George R. Johnson, Jr., dean and professor of law at Elon University School of Law, said at the March 14 ceremony that Bennett College was a “rare and special place where women learn they can be all they want to be, all that their talents and their effort will allow them.”
The 2013 Bennett College Charter Day Convocation was held in observance of the 124th anniversary of the chartering of Bennett College by the state of North Carolina. Attendees included students, alumnae, faculty, administrators, Board of Trustee members and guests of Bennett College.
Dr. Esther Terry, president of Bennett College, presided over the ceremony and introduced Johnson.
“He has honored us with his willingness to be present with us today because his accomplishments represent in no small way the ideal of what our ancestors must have known was possible through education,” Terry said of Johnson.
In his remarks, Johnson reflected on the significance of Bennett College in the history of American higher education and on the contributions that Bennett College graduates have made in a variety of industries, in public life and in higher education.
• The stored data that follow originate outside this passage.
Lemma closed_class_row X i : closed_class A X -> i \in X -> \sum_(j < n) A i j = 1.
Proof.
move=> cX iX; rewrite (bigID (mem X)) /= closed_class_sum_in // big1 ?addr0 // => j jX.
exact: closed_class_out cX iX jX.
Qed.

Lemma pmul_closed_class_eq X x y : closed_class A X -> {in X, x =1 y} ->
  {in X, pmul A x =1 pmul A y}.
Proof.
move=> cX xy i iX; rewrite /pmul (bigID (mem X)) [RHS](bigID (mem X)) /=.
congr (_ + _); first by apply: eq_bigr => j jX; rewrite xy.
by rewrite !big1 // => j jX; rewrite (closed_class_out cX iX jX) mul0r.
Qed.

Lemma piter_closed_class_eq X k x y : closed_class A X -> {in X, x =1 y} ->
  {in X, piter A k x =1 piter A k y}.
Proof.
move=> cX; elim: k x y => [//|k IH] x y xy i iX; rewrite !piterS.
by apply: (pmul_closed_class_eq cX) => // j jX; exact: IH.
Qed.

Lemma piter_one_closed_class X k i : closed_class A X -> i \in X -> piter A k one i = 1.
Proof.
move=> cX; elim: k i => [//|k IH] i iX; rewrite piterS.
rewrite (pmul_closed_class_eq (y := one) cX) //.
by rewrite /pmul; under eq_bigr do rewrite /one mulr1; exact: closed_class_row iX.
Qed.

Lemma closed_class_prolongs X : closed_class A X -> prolongs A.
Proof.
move=> cX; have [i iX] : exists i, i \in X by apply/card_gt0P; case/andP: cX.
by exists i, 1 => // k; rewrite (piter_one_closed_class k cX iX).
Qed.

Lemma piter_one_lt1_step k i j : 0 < A i j -> piter A k one j < 1 ->
  piter A k.+1 one i < 1.
Proof.
move=> Aij_gt0 lt_j; rewrite piterS /pmul; set x := piter A k one.
have loss : A i j * (1 - x j) <= \sum_(l < n) A i l * (1 - x l).
  rewrite (bigD1 j) //= lerDl; apply: sumr_ge0 => l _; apply: mulr_ge0 => //.
  by rewrite subr_ge0 piter_one_le1.
have split_sum : \sum_(l < n) A i l * x l = \sum_(l < n) A i l - \sum_(l < n) A i l * (1 - x l).
  by rewrite -sumrB; apply: eq_bigr => l _; rewrite mulrBr mulr1 opprB addrC subrK.
have : 0 < A i j * (1 - x j) by rewrite mulr_gt0 // subr_gt0.
have := A_row i; lra.
Qed.

(* The states that never leak mass form a closed class as soon as the chain
   prolongs: a state of that set cannot charge a leaking one. *)
Lemma closed_class_exists : prolongs A -> exists X, closed_class A X.
Proof.
move=> prolA; set Z : {set 'I_n} := finset (fun i => `[< forall k, piter A k one i = 1 >]).
have leaks j : j \notin Z -> exists k, piter A k one j < 1.
  rewrite inE => /asboolPn /existsNP [k hk]; exists k.
  by rewrite lt_neqAle piter_one_le1 // andbT; apply/eqP.
have [Z0|Z_gt0] := posnP #|Z|.
  exfalso; apply: psum_one_bounded_not_prolongs prolA => //.
  by apply: psum_one_bounded_of_escape => // i; apply: leaks; rewrite (card0_eq Z0).
exists Z; rewrite /closed_class Z_gt0; apply/forallP => i; apply/implyP => iZ.
have stays k : piter A k one i = 1 by move: iZ; rewrite inE => /asboolP.
have out0 j : j \notin Z -> A i j = 0.
  move=> /leaks [k lt_j]; apply/eqP; rewrite eq_le A_ge0 andbT leNgt; apply/negP => Aij.
  by have := piter_one_lt1_step Aij lt_j; rewrite stays ltxx.
have row_sum1 : \sum_(j < n) A i j = 1.
  by rewrite -(stays 1%N) /=; apply: eq_bigr => j _; rewrite /one mulr1.
apply/eqP; rewrite -[RHS]row_sum1 [RHS](bigID (mem Z)) /= [X in _ + X]big1 ?addr0 //.
Qed.

Lemma minimal_closed_class_exists : (exists X, closed_class A X) ->
  exists C, closed_class A C /\ forall Y, closed_class A Y -> Y \subset C -> Y = C.
Proof.
move=> [X cX].
have exP : exists m, [exists Y : {set 'I_n}, closed_class A Y && (#|Y| == m)].
  by exists #|X|; apply/existsP; exists X; rewrite cX eqxx.
case: (ex_minnP exP) => m /existsP [C /andP [cC /eqP card_C]] C_min.
exists C; split => // Y cY YC; apply/eqP; rewrite eqEcard YC card_C.
by apply: C_min; apply/existsP; exists Y; rewrite cY eqxx.
Qed.

Lemma psum_closed_class_eq B X c c' : closed_class A X ->
  (forall i j, i \in X -> A i j = B i j) -> {in X, c =1 c'} ->
  forall t, {in X, psum A c t =1 psum B c' t}.
Proof.
move=> cX AB cc'.
have piter_eq k : {in X, piter A k c =1 piter B k c'}.
  elim: k => [|k IH] i iX; first exact: cc'.
  rewrite !piterS (pmul_closed_class_eq (y := piter B k c') cX) //.
  by apply: eq_bigr => j _; rewrite AB.
by move=> t i iX; apply: eq_bigr => k _; exact: piter_eq.
Qed.

Lemma psum_poisson X c h (g : R) : closed_class A X ->
  {in X, forall i, h i + g = c i + pmul A h i} ->
  forall t, {in X, forall i, psum A c t i = t%:R * g + h i - piter A t h i}.
Proof.
move=> cX poisson; elim=> [|t IH] i iX; first by rewrite /psum big_ord0 mul0r add0r subrr.
rewrite /psum big_ord_recr /= -/(psum A c t i) IH //.
have -> : piter A t c i = piter A t (fun j => (h j + g * one j) - pmul A h j) i.
  by apply: (piter_closed_class_eq t cX _ iX) => j jX; rewrite /one mulr1 poisson //; ring.
rewrite piterB piterD piterZ (piter_one_closed_class _ cX iX) -piterS piterSr.
by rewrite -[in RHS](addn1 t) natrD; ring.
Qed.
“You cannot be familiar with American higher education and not know about the towering history of Bennett College,” Johnson said of the small, private, historically Black liberal arts college for women. “When you think seriously about it, the notion of a Bennett College was an audacious idea. In some parts of the world that remains to this day a very radical idea that women would be educated to think, to achieve, to lead. I am so grateful for those who had this notion and for those who still continue this vital work of preparing women for leadership and service, because to teach, to educate is to forge the future and that is what Bennett has done for the past 124 years.”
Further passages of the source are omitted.